● WHAT IS REQUIRED:
Of the lines below, write out exactly those from the line with "Definition deg2_le (m" through the line with "Definition refl2 (m", both included, and skip the rest.
── RECORDS FOR THIS TASK
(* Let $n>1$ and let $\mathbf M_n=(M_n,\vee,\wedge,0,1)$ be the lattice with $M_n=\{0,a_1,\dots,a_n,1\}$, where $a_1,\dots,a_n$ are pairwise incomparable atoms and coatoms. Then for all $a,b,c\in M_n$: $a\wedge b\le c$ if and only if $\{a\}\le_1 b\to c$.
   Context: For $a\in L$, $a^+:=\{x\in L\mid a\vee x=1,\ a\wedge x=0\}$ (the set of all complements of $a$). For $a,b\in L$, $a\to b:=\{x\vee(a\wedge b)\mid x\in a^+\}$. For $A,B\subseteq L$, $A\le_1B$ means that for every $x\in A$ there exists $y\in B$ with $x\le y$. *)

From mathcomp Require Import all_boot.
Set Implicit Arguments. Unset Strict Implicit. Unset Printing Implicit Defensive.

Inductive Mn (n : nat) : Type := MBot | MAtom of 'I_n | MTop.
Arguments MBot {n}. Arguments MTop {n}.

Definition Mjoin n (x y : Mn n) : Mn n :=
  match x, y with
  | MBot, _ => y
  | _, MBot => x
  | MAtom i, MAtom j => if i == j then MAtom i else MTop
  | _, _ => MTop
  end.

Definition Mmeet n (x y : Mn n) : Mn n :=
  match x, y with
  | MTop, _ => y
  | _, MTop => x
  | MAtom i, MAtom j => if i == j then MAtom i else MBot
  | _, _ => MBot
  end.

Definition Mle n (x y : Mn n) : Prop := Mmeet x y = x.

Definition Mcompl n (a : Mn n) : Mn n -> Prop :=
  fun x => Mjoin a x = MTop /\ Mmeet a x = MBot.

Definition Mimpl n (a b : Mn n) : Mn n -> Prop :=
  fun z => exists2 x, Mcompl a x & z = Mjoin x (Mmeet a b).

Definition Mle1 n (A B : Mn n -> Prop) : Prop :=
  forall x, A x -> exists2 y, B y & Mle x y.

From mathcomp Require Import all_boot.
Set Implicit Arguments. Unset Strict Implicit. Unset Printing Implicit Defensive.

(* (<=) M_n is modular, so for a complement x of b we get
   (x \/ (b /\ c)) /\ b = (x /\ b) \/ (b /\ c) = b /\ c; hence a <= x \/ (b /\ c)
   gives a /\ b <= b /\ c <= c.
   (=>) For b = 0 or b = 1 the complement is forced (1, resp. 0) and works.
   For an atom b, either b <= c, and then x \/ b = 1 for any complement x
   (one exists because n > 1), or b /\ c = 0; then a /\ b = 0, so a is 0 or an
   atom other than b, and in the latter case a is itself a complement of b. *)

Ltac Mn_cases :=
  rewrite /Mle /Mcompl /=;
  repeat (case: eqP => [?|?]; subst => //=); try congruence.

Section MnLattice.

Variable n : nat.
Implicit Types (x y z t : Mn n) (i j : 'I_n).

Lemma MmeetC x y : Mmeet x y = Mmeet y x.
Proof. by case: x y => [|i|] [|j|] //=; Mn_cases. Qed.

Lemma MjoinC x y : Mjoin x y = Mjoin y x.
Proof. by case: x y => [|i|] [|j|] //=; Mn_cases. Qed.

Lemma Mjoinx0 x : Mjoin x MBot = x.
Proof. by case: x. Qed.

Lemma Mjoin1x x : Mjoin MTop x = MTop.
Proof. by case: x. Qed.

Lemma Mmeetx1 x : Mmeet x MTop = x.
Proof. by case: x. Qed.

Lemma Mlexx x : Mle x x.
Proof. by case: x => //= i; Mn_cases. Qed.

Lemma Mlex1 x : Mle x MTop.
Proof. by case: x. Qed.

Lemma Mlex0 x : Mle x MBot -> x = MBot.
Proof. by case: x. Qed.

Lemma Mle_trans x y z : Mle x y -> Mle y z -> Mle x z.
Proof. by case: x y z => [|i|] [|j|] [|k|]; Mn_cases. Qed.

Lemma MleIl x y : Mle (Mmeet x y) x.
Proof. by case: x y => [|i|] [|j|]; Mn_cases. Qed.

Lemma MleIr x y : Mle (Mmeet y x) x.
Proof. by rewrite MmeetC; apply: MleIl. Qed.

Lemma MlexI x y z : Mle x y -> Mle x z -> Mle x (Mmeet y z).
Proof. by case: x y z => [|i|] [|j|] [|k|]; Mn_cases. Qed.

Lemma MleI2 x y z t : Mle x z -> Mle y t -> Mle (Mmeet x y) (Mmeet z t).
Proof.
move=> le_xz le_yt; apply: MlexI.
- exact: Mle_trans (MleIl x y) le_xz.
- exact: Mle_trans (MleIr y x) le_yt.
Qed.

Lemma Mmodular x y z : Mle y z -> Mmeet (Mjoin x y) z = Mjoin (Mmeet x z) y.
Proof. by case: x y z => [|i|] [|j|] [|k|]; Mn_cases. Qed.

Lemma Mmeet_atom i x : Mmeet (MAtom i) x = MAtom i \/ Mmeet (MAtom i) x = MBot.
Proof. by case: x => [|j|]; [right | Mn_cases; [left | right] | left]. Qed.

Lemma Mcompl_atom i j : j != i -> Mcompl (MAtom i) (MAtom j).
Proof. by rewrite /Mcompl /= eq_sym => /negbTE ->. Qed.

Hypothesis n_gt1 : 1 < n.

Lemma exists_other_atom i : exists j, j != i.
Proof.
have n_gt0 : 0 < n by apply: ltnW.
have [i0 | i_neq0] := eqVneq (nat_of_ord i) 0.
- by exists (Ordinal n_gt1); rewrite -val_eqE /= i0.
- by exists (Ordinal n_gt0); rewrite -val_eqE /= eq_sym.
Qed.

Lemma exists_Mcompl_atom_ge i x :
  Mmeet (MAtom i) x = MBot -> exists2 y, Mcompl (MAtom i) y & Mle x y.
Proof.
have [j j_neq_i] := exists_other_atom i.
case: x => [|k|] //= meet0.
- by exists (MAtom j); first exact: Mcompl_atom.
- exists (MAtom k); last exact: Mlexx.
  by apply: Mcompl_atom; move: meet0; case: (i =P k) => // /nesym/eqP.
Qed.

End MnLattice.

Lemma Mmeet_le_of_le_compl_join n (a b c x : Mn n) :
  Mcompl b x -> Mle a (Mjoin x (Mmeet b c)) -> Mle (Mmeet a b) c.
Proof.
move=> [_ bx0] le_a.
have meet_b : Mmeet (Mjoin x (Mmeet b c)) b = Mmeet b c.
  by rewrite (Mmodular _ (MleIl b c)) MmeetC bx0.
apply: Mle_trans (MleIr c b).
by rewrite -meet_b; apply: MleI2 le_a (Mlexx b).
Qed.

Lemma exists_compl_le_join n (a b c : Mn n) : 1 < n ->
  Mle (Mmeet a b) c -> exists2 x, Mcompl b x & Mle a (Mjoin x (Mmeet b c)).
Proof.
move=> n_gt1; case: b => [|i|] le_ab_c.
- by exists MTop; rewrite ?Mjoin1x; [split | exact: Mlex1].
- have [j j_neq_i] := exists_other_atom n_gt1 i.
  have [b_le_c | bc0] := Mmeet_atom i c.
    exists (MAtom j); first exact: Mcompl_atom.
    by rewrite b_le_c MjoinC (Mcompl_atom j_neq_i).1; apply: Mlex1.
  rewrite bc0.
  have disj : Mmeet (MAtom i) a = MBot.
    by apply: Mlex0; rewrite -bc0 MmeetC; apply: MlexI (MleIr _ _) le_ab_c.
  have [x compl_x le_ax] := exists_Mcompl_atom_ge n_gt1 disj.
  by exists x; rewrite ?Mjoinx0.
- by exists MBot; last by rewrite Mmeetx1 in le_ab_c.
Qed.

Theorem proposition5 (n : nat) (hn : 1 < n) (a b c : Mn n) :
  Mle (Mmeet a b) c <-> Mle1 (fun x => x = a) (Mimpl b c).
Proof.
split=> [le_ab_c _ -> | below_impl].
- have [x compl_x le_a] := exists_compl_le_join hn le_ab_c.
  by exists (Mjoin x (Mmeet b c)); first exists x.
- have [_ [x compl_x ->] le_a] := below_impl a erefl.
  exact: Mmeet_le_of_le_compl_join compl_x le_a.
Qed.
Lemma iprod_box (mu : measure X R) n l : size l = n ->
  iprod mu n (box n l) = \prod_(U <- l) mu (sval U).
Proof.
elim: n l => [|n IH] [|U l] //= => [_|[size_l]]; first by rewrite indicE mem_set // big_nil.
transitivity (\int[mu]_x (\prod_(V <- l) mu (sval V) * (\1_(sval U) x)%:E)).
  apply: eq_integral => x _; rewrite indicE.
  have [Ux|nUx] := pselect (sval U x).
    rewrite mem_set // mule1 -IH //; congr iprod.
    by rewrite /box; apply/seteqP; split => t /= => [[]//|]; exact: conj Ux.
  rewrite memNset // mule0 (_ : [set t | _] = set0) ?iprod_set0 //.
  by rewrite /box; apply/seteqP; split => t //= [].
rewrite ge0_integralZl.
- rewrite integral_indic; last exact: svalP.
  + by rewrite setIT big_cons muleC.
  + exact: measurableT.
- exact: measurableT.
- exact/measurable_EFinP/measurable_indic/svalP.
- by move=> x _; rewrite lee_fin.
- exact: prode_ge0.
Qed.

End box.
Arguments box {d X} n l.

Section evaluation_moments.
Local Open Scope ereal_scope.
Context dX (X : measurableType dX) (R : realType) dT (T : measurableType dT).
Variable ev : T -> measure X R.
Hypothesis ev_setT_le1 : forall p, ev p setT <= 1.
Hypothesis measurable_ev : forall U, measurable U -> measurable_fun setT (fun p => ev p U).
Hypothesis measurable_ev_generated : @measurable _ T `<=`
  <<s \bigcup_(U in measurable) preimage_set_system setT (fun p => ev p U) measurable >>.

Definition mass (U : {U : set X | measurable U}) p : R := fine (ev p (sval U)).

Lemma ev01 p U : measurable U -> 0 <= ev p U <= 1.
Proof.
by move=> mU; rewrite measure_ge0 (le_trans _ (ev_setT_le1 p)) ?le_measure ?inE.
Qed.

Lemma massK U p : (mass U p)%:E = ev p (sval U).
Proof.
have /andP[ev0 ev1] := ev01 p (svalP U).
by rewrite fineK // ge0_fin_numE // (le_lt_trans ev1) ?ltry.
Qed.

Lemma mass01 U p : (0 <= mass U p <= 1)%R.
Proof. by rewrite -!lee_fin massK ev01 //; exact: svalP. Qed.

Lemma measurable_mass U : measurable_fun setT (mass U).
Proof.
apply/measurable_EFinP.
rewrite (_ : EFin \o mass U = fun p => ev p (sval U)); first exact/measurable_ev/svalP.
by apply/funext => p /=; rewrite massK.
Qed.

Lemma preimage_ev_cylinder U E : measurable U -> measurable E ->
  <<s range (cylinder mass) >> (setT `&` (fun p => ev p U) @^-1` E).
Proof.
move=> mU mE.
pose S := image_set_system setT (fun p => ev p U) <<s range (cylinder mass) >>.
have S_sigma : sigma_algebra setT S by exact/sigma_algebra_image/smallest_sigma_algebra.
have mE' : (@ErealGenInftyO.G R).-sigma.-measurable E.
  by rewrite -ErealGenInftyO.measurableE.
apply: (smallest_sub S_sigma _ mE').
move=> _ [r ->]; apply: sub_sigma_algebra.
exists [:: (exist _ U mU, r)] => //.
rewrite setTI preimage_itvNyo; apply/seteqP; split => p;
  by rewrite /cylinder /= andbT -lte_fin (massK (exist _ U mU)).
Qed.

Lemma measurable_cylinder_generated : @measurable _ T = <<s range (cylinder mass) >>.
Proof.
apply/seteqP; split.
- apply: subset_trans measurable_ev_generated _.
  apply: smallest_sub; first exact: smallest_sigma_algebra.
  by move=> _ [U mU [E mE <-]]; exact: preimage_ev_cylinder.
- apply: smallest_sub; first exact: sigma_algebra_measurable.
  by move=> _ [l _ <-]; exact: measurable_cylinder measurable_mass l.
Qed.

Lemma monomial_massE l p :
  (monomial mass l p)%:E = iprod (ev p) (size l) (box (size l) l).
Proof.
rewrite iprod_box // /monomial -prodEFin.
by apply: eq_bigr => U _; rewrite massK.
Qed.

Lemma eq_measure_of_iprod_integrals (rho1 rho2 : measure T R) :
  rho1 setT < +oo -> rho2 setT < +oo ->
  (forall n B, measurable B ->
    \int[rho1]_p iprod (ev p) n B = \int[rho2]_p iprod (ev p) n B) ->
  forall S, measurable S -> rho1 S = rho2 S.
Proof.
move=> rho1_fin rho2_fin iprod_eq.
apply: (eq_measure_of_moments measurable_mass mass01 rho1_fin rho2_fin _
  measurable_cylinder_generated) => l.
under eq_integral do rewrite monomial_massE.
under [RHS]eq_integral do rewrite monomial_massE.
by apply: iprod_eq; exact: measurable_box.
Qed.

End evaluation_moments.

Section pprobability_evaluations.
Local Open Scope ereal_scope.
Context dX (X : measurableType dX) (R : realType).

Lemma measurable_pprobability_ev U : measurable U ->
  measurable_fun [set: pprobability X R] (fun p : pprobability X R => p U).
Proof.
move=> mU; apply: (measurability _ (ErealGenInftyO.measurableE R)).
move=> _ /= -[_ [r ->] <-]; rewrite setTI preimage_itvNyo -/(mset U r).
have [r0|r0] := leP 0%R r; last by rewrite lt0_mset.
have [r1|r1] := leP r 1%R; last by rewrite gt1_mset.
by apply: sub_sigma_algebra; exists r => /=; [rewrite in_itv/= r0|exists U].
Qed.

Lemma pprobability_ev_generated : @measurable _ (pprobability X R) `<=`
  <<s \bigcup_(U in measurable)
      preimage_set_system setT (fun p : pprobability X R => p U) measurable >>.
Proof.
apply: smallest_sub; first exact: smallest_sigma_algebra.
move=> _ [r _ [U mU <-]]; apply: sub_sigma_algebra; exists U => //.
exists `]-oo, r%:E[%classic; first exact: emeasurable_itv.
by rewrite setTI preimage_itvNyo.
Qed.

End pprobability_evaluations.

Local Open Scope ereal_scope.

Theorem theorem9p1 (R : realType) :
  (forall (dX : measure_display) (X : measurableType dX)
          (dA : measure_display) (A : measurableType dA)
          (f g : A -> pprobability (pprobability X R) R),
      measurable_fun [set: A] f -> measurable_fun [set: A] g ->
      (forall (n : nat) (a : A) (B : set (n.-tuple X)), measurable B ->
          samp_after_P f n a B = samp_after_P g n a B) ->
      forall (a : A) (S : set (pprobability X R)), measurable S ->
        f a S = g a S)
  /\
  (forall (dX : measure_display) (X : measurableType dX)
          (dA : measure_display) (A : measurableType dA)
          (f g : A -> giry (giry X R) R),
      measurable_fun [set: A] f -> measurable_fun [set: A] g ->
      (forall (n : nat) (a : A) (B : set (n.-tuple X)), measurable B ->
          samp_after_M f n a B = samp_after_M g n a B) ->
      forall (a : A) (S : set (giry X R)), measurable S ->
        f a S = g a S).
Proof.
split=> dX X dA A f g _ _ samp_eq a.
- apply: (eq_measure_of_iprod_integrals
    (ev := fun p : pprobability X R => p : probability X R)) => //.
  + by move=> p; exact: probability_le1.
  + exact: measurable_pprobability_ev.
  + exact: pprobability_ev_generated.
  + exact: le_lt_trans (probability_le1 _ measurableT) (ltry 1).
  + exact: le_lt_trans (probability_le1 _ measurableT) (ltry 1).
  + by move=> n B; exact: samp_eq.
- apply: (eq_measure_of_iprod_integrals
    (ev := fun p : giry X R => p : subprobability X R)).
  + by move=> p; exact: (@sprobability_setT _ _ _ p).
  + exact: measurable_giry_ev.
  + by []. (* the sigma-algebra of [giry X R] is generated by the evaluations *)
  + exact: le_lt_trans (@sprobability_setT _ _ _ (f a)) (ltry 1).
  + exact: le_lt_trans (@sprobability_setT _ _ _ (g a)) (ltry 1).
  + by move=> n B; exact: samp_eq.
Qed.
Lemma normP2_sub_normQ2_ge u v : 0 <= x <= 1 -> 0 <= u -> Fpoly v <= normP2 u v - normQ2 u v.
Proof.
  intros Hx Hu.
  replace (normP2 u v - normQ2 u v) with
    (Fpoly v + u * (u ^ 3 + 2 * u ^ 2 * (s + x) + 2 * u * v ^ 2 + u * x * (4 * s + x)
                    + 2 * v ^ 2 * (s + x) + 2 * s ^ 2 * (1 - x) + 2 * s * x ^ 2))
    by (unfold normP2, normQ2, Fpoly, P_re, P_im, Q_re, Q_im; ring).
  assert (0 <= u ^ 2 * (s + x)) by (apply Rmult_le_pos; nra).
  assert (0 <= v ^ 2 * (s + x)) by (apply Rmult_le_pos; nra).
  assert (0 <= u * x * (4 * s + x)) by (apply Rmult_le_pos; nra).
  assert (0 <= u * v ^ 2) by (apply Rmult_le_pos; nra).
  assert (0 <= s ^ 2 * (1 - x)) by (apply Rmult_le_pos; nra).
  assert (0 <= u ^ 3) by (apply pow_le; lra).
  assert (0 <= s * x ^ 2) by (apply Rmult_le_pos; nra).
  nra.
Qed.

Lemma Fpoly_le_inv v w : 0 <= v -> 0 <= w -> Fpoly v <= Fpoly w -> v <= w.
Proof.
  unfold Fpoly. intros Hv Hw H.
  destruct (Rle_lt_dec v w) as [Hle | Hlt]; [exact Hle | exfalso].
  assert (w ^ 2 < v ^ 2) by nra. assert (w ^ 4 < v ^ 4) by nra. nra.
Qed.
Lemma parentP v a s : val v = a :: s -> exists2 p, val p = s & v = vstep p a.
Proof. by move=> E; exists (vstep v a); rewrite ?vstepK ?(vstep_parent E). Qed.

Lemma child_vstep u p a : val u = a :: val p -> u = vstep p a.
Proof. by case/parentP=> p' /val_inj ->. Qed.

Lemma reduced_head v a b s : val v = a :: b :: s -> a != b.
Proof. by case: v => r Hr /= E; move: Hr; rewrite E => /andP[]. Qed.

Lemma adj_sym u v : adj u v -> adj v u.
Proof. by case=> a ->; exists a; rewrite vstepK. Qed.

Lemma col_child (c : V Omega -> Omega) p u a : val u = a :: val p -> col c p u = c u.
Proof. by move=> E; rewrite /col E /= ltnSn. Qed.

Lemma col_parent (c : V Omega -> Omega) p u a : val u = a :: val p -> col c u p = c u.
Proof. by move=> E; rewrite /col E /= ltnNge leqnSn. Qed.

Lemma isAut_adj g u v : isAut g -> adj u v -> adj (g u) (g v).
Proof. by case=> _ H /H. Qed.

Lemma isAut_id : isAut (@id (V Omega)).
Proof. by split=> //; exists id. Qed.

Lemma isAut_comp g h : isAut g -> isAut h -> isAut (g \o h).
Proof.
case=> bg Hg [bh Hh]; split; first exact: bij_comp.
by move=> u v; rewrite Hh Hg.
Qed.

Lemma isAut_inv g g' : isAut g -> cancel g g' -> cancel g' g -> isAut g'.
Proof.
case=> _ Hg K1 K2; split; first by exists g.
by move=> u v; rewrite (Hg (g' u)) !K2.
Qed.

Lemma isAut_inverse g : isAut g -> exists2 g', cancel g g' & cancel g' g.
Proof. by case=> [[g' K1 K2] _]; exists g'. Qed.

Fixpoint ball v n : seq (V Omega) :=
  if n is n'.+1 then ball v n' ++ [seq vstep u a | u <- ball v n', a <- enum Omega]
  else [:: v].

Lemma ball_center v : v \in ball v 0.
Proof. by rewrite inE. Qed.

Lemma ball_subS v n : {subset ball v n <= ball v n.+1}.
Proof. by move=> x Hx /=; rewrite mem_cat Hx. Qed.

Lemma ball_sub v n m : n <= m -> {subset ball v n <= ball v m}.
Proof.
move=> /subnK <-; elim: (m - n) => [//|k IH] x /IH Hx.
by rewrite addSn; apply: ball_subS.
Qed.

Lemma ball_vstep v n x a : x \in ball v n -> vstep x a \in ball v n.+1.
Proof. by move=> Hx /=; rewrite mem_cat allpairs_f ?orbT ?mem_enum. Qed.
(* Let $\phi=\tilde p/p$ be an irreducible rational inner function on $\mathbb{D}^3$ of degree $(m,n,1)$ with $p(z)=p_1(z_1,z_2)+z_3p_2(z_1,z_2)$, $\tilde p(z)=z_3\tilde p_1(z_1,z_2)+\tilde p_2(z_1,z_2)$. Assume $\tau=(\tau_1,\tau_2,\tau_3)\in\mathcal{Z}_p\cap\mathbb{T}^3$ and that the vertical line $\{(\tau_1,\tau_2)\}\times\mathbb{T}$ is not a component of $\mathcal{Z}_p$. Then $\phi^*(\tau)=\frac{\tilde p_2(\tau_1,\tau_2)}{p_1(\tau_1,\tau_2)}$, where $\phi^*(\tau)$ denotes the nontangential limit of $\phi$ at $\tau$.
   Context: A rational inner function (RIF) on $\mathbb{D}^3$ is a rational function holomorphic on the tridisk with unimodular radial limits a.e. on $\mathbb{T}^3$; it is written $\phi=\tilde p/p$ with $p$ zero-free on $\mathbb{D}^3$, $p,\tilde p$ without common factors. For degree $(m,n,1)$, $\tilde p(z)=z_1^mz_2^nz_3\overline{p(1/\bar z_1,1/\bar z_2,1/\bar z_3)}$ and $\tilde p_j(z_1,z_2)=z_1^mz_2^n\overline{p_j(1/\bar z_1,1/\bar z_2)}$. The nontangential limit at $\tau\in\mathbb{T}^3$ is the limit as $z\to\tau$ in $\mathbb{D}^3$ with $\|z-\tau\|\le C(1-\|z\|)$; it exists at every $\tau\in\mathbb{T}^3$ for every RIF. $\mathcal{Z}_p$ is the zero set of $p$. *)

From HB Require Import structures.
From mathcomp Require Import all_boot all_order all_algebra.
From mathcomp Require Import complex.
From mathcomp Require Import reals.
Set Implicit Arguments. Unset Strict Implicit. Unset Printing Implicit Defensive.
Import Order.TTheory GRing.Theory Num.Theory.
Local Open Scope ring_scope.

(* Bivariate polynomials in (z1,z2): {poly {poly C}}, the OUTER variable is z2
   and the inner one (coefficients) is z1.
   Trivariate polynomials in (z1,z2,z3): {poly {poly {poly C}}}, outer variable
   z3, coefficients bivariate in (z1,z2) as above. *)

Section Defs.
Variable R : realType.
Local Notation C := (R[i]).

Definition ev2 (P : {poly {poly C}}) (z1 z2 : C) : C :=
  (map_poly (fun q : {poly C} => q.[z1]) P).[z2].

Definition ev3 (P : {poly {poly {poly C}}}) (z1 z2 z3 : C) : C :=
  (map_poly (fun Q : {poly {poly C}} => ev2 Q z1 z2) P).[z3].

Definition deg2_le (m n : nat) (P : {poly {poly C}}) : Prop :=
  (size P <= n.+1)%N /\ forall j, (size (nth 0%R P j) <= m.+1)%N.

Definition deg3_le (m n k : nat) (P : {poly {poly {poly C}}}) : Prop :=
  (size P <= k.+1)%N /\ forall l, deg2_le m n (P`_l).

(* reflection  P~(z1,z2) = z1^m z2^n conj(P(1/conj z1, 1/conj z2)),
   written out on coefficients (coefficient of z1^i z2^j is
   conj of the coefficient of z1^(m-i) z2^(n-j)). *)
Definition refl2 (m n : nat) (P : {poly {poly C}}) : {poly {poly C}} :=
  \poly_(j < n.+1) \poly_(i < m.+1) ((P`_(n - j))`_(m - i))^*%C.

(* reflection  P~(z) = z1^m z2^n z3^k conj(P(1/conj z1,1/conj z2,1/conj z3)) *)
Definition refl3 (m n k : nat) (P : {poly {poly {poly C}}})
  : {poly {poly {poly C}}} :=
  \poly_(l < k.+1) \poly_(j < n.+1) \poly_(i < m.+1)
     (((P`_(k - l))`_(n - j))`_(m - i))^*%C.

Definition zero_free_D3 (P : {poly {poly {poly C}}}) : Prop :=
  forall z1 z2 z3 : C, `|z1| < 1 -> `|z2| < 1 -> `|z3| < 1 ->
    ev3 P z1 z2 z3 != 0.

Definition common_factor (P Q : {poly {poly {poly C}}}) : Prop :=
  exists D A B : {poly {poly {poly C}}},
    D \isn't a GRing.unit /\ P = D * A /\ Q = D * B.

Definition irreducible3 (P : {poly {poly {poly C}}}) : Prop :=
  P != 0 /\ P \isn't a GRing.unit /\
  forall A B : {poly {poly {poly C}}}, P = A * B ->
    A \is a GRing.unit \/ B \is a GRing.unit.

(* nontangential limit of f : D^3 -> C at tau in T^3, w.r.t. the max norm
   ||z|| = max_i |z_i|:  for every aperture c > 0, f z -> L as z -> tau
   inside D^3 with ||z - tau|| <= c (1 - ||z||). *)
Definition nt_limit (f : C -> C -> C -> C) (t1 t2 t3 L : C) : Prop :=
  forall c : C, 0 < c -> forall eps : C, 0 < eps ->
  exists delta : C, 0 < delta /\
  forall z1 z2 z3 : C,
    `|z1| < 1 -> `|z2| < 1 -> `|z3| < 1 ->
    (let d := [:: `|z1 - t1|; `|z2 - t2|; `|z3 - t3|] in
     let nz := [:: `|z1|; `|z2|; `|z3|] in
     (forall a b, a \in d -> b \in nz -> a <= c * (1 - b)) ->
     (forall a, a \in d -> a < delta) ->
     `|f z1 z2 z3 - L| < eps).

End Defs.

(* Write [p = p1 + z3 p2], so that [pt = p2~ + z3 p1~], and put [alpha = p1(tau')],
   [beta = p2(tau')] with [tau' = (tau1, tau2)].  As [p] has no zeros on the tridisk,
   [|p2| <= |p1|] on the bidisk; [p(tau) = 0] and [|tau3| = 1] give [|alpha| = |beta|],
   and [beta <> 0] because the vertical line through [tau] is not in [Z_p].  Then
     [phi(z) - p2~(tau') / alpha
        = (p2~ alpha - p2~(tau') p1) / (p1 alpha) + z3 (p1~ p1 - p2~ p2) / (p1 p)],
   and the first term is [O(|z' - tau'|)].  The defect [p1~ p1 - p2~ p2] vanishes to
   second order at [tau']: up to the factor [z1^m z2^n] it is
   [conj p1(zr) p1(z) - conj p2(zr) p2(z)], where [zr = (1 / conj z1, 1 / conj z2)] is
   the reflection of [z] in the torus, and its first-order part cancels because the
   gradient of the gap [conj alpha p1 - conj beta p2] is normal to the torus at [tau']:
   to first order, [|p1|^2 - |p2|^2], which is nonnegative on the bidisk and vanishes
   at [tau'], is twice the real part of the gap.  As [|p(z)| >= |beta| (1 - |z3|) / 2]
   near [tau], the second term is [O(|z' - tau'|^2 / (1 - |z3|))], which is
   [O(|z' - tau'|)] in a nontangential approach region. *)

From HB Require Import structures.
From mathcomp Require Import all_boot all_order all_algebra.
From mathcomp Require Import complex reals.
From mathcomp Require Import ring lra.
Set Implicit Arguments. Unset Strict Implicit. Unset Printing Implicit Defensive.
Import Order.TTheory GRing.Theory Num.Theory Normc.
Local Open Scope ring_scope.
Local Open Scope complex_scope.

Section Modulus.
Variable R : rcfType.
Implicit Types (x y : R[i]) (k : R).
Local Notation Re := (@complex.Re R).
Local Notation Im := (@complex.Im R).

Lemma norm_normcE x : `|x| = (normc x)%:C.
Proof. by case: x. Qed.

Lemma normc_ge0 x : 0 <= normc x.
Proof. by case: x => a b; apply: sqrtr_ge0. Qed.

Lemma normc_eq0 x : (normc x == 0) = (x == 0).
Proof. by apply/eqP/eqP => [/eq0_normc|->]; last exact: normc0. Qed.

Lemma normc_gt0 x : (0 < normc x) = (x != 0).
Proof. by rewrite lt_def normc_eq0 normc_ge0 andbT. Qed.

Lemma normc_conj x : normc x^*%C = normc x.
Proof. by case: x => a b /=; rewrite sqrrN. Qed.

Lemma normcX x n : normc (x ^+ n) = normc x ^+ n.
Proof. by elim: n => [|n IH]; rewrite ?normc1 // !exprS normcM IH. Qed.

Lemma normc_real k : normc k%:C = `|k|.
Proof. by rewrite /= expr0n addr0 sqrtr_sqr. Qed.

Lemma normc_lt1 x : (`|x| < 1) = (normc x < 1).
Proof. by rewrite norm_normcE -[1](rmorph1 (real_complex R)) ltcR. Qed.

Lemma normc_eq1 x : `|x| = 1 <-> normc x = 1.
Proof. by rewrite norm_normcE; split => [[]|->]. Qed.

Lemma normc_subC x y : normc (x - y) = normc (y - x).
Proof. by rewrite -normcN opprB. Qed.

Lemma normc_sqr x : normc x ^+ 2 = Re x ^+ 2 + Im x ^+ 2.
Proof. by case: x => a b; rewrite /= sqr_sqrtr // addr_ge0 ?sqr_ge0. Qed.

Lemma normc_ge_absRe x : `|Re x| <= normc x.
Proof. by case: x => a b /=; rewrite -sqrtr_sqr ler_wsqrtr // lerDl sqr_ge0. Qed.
────
● EXPECTED ANSWER:
Definition deg2_le (m n : nat) (P : {poly {poly C}}) : Prop :=
  (size P <= n.+1)%N /\ forall j, (size (nth 0%R P j) <= m.+1)%N.

Definition deg3_le (m n k : nat) (P : {poly {poly {poly C}}}) : Prop :=
  (size P <= k.+1)%N /\ forall l, deg2_le m n (P`_l).

(* reflection  P~(z1,z2) = z1^m z2^n conj(P(1/conj z1, 1/conj z2)),
   written out on coefficients (coefficient of z1^i z2^j is
   conj of the coefficient of z1^(m-i) z2^(n-j)). *)
Definition refl2 (m n : nat) (P : {poly {poly C}}) : {poly {poly C}} :=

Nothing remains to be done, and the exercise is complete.